Applications of conformal mapping
Looking at my copy of Churchill, Complex Variables with Applications, the appendix on conformal transformations suggests that applying
$$ w = f(z) = \log \left(\frac{z-1}{z+1} \right) $$
will transform the region shown (for the case $a = 1$) into a strip in the $w$-plane, where the $V = 1$ rays are mapped to $\Im(w) = \pi$ and the $V = 0$ segment is mapped to $\Im(w) = 0$.
If you take $g(z) = \frac{1}{\pi} f(z)$, you map this region to one in which the $V = 1$ segment maps to $\Im(w) = 1$, and the $V = 0$ segment maps to $\Im(w) = 0$.
I seem to recall that this is what's needed in this kind of problem, but it's as far as my shoddy memory takes me. (The inverse conformal map for $f$, by the way, is $z = -\coth \frac{w}{2}$.)
OK. I went and read the relevant chapter of Churchill ... and found this problem in the exercises!
I think that having come up with the transformation, and the potential in the $w$-plane, I'm going to leave the conversion back to a potential in the $z$-plane up to you, although I confess I don't see offhand how to get from the $\log$-expression back to something involving $\arctan$.
In comments, I've been asked to add some pics to show off what the log-transform is doing.
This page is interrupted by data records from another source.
(* Let $\mathbb{K}\in\{\mathbb{R},\mathbb{C}\}$. Let $S_1,\dots,S_M$ be non-trivial, independent linear subspaces of $\mathbb{K}^m$ with dimensions $d_1,\dots,d_M$, $d_{\max}=\max_i d_i$, and $\mathcal{U}=\bigcup_{i=1}^M S_i$. Let $\mathbf{W}=[w_1\cdots w_n]\in\mathbb{K}^{m\times n}$ be a rank $r$ matrix whose columns are drawn from $\mathcal{U}$, such that the columns drawn from each $S_i$ form a generic set for $S_i$. Factor $\mathbf{W}=\mathbf{W}\mathbf{W}^\dagger\mathbf{W}$ and let $Q$ be either $\mathrm{bin}(\mathbf{W}^\dagger\mathbf{W})$ or $\mathrm{abs}(\mathbf{W}^\dagger\mathbf{W})$. Then $\Xi_{\mathbf{W}}=Q^{d_{\max}}$ is a similarity matrix for $\mathbf{W}$. Moreover, if $\mathbf{W}=U_r\Sigma_rV_r^*$ is the skinny singular value decomposition of $\mathbf{W}$, then $\mathbf{W}^\dagger\mathbf{W}=V_rV_r^*$.
   Context: Subspaces are independent if $\dim(S_1+\dots+S_M)=\sum_i\dim S_i\le m$. Data drawn from a $d$-dimensional subspace $S$ is generic if it has more than $d$ elements and any $d$ of them form a basis of $S$. $\mathrm{abs}(A)(i,j)=|A(i,j)|$; $\mathrm{bin}(A)(i,j)=1$ if $A(i,j)\ne0$, else $0$. A similarity matrix for $\mathbf{W}$ is a symmetric matrix $\Xi$ with $\Xi(i,j)\neq0$ iff $w_i,w_j$ come from the same subspace $S_l$. The skinny SVD of a rank $r$ matrix is $U_r\Sigma_rV_r^*$ with $U_r$, $V_r$ the first $r$ left/right singular vectors and $\Sigma_r=\mathrm{diag}(\sigma_1,\dots,\sigma_r)$. $\dagger$ denotes the Moore--Penrose pseudoinverse. *)

(* K ranges over the reals (a realType R) and the complex
   numbers R[i] (mathcomp-real-closed's complex R). *)
From HB Require Import structures.
From mathcomp Require Import all_boot all_order all_algebra.
From mathcomp Require Import reals complex.
Set Implicit Arguments. Unset Strict Implicit. Unset Printing Implicit Defensive.
Import Order.TTheory GRing.Theory Num.Theory.
Local Open Scope ring_scope.

Section Defs.
Variable K : numFieldType.
(* the conjugation of K: identity on R, complex conjugation on C *)
Variable cj : K -> K.
(* Let $M=A+\Delta-\sigma vv^{\mathsf T}$ be a generalized modularity matrix, and let $x\neq 0$ satisfy $Mx=m_Gx$, with $x$ oriented so that $v^{\mathsf T}x\ge 0$. Then the set $S=\{i\in V: x_i\ge 0\}$ induces a connected subgraph $G(S)$ of $G$.
   Context: Let $V=\{1,\dots,n\}$ and let $A\in\mathbb{R}^{n\times n}$ be the adjacency matrix of an undirected connected weighted graph $G$ on $V$, possibly with loops, i.e. $A=(a_{ij})$ is symmetric, entrywise nonnegative and irreducible. A generalized modularity matrix is any matrix $M=A+\Delta-\sigma vv^{\mathsf T}$ where $\Delta$ is a real diagonal $n\times n$ matrix, $v\in\mathbb{R}^n$ is a nonzero entrywise nonnegative vector, and $\sigma>0$. Eigenvalues of a real symmetric matrix $X$ are ordered $\lambda_1(X)\ge\cdots\ge\lambda_n(X)$; $m_G:=\lambda_1(M)$. For $S\subseteq V$, $G(S)$ denotes the subgraph induced by $S$, whose adjacency matrix is the principal submatrix $A(S)$ of $A$ with indices in $S$; it is connected if the graph on vertex set $S$ in which distinct $i,j$ are adjacent iff $a_{ij}>0$ is connected. *)

From HB Require Import structures.
From mathcomp Require Import all_boot all_order all_algebra.
Set Implicit Arguments. Unset Strict Implicit. Unset Printing Implicit Defensive.
Import Order.TTheory GRing.Theory Num.Theory.
Local Open Scope ring_scope.

Section Defs.
Variables (R : rcfType) (n : nat).

Definition sym_mx (A : 'M[R]_n) : Prop := A^T = A.

Definition nonneg_mx (A : 'M[R]_n) : Prop := forall i j, 0 <= A i j.
Definition nonneg_cv (v : 'cV[R]_n) : Prop := forall i, 0 <= v i 0.

(* irreducible matrix: there is no nonempty proper index set S with
   A i j = 0 for all i in S, j not in S (i.e. A is not permutation-similar
   to a block triangular matrix). *)
Definition irreducible_mx (A : 'M[R]_n) : Prop :=
  forall S : {set 'I_n}, S != set0 -> S != setT ->
    exists i j, [/\ i \in S, j \notin S & A i j != 0].

Definition gen_modularity (A : 'M[R]_n) (d : 'rV[R]_n) (sigma : R)
  (v : 'cV[R]_n) : 'M[R]_n :=
  A + diag_mx d - sigma *: (v *m v^T).
Theorem lemma11 (R : realFieldType) (X U : finType) (K : nat) (K_pos : (0 < K)%N)
  (M_R L_R L_P L_Q : R)
  (M_R_pos : 0 < M_R) (L_R_pos : 0 < L_R) (L_P_pos : 0 < L_P) (L_Q_pos : 0 < L_Q)
  (r : 'I_K -> X -> U -> (X -> R) -> (U -> R) -> R)
  (P : 'I_K -> X -> U -> (X -> R) -> (U -> R) -> X -> R)
  (hr_bound : forall k x u (m : X -> R) (n : U -> R),
      is_dist m -> is_dist n -> `|r k x u m n| <= M_R)
  (hr_lip : forall k x u (m1 m2 : X -> R) (n1 n2 : U -> R),
      is_dist m1 -> is_dist m2 -> is_dist n1 -> is_dist n2 ->
      `|r k x u m1 n1 - r k x u m2 n2| <= L_R * (l1dist m1 m2 + l1dist n1 n2))
  (hP_dist : forall k x u (m : X -> R) (n : U -> R),
      is_dist m -> is_dist n -> is_dist (P k x u m n))
  (hP_lip : forall k x u (m1 m2 : X -> R) (n1 n2 : U -> R),
      is_dist m1 -> is_dist m2 -> is_dist n1 -> is_dist n2 ->
      l1dist (P k x u m1 n1) (P k x u m2 n2) <= L_P * (l1dist m1 m2 + l1dist n1 n2))
  (mu mu' : X * 'I_K -> R) (hmu : is_dist mu) (hmu' : is_dist mu')
  (pi : 'I_K -> X -> (X -> R) -> U -> R)
  (hpi_dist : forall k x (m : X -> R), is_dist m -> is_dist (pi k x m))
  (hpi_lip : forall k x (m1 m2 : X -> R), is_dist m1 -> is_dist m2 ->
      l1dist (pi k x m1) (pi k x m2) <= L_Q * l1dist m1 m2) :
  let S_R' := M_R + L_R in
  let S_R'' := M_R * L_Q + L_R * (1 + L_Q) in
  let S_P' := 1 + L_P in
  let S_P'' := L_Q + L_P * (1 + L_Q) in
  [/\ (l1dist (margU (nuMF pi mu)) (margU (nuMF pi mu'))
         <= l1dist (nuMF pi mu) (nuMF pi mu')
       /\ l1dist (nuMF pi mu) (nuMF pi mu')
         <= l1dist mu mu' + L_Q * l1dist (margX mu) (margX mu')),
      \sum_(k < K) `|rMF r pi mu k - rMF r pi mu' k|
         <= S_R' * l1dist mu mu' + S_R'' * l1dist (margX mu) (margX mu') &
      (l1dist (margX (PMF P pi mu)) (margX (PMF P pi mu'))
         <= l1dist (PMF P pi mu) (PMF P pi mu')
       /\ l1dist (PMF P pi mu) (PMF P pi mu')
         <= S_P' * l1dist mu mu' + S_P'' * l1dist (margX mu) (margX mu'))].
Proof.
move=> S_R' S_R'' S_P' S_P''.
set a := l1dist mu mu'; set b := l1dist (margX mu) (margX mu').
set dJ := l1dist (jointMF pi mu) (jointMF pi mu').
set dnu := l1dist (nuMF pi mu) (nuMF pi mu').
set dn := l1dist (margU (nuMF pi mu)) (margU (nuMF pi mu')).
have dJ_le : dJ <= a + L_Q * b := l1dist_jointMF_le hpi_dist hpi_lip hmu hmu'.
have dnu_le : dnu <= a + L_Q * b := le_trans (l1dist_nuMF_le pi mu mu') dJ_le.
have dn_le : dn <= a + L_Q * b :=
  le_trans (l1dist_sum2_le (nuMF pi mu) (nuMF pi mu')) dnu_le.
have dr_le := sum_rMF_le hpi_dist hr_bound hr_lip hmu hmu'.
have dP_le := l1dist_PMF_le hpi_dist hP_dist hP_lip hmu hmu'.
split; [split | | split].
- exact: l1dist_sum2_le.
- exact: dnu_le.
- apply: le_trans dr_le _.
  apply: le_trans (lerD (ler_wpM2l (ltW M_R_pos) dJ_le)
    (ler_wpM2l (ltW L_R_pos) (lerD (lexx b) dn_le))) _.
  by rewrite /S_R' /S_R''; lra.
- exact: l1dist_sum2_le.
- apply: le_trans dP_le _.
  apply: le_trans (lerD dJ_le (ler_wpM2l (ltW L_P_pos) (lerD (lexx b) dn_le))) _.
  by rewrite /S_P' /S_P''; lra.
Qed.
Let's look at this diagram:
Now the "log" that I've used above is really $$ w = \log |\frac{z-1}{z+1}| + i \arg \frac{z-1}{z+1}. $$
Let's look at how that gets computed. First, the first ratio is just the ratio of distances to the two point $+1$ and $-1$; I'll come back to that. The second term -- the imaginary part, is the difference of the args of $z-1$ and $z - (-1)$, i.e., the angle labeled $\theta_1 - \theta_2$ in the diagram.
What's that look like on (or very near) the real axis? Well, for $z > 1$, $\theta_1$ and $\theta_2$ will both be nearly zero; for $z < -1$, they'll both be nearly $\pi$. For $-1 < z < 1$, we have $\theta_2 \sim 0$ and $\theta_1 \sim \pi$, so the difference is approximately $\pi$. In other words, the red segments of the real axis will be sent to $v = 0$ in the $w$-plane, but the blue segment will be sent to $v = \pi$. Note that the remote ends of the red segments (near $\pm \infty$) will be sent to $u = 0$, while the near ends (near $\pm 1$) are sent off to infinity.
What about the ratio of lengths? Well, along the $x = 0$ line, we'll have $r_1 = r_2$, so that will map to $u = 0$. The other $u = constant$ lines will become hyperbolic-like curves in the $xy$-plane.
Finally, the transform we really want is $$ w = \frac{1}{\pi}\log |\frac{z-1}{z+1}| + \frac{i}{\pi} \arg \frac{z-1}{z+1}, $$ which sends the blue segment to the $v = 1$ line in the $w$-plane.
Now since the imaginary part of $w$ is $v$, and we can substitute $x+iy$ for $z$, we get \begin{align} v &= \frac{1}{\pi} \arg \frac{z-1}{z+1} \\ &= \frac{1}{\pi} \arg \frac{(x-1) + iy}{(x+1) + iy} \\ &= \frac{1}{\pi} \arg \frac{x^2 + y^2 - 1 + i 2y}{(x+1)^2 + y^2} \\ &= \frac{1}{\pi} \arg {x^2 + y^2 - 1 + i 2y}\\ &= \frac{1}{\pi} \arctan \frac{2y}{x^2 + y^2 - 1}, \end{align} which is an expression for the potential at point $(x, y)$.
Finally, I'm going to show off the effect of the conformal transformation by showing an image in the $z$-plane, and the transformed image in the $w$-plane, courtesy of Matlab. The problem is that the points near $z = \pm 1$ get sent to infinity, so parts of the transformed image will be missing.
The starting image (which extends from $-2.5$ to $2.5$ in $x$, and from $0.05$ to $2.0$ in $y$ (with $y = 0$ near the top, because of Matlab's idiosyncracies!) shows a bunch of peppers:
The transformed image, extending from -10 to 10 in $u$ and $0$ to $1$ in $v$, is this:
If you can make sense of those, then bless you. I just followed the description given here: http://www.mathworks.com/help/images/examples/exploring-a-conformal-mapping.html to make the images. Here's my code:
function confImage
close all
A = imread('peppers.png');
A = A(31:330, 1:500, :);
figure, imshow(A)
title ('Original Image', 'FontSize', 14);
conformal = maketform('custom', 2, 2, [], @conformalInverse, []);
uData = [ -10 10]; % Bounds for REAL(w)
vData = [ 0 1.0]; % Bounds for IMAG(w)
xData = [ -2.5 2.5 ]; % Bounds for REAL(z)
yData = [ 0.05 2.0 ]; % Bounds for IMAG(z)
B = imtransform( A, conformal, 'cubic', ...
'UData', uData,'VData', vData,...
'XData', xData,'YData', yData,...
'Size', [300 360], 'FillValues', 255 );
figure, imshow(B)
title('Transformed Image','FontSize',14)
function U = conformalInverse(X, t)
Z = complex(X(:,1),X(:,2));
W = (Z + 1./Z)/2;
U(:,2) = (1/pi) * angle((Z - 1) ./ (Z + 1))
U(:,1) = (1/pi)* log( abs((Z - 1) ./ (Z + 1))); %real(W);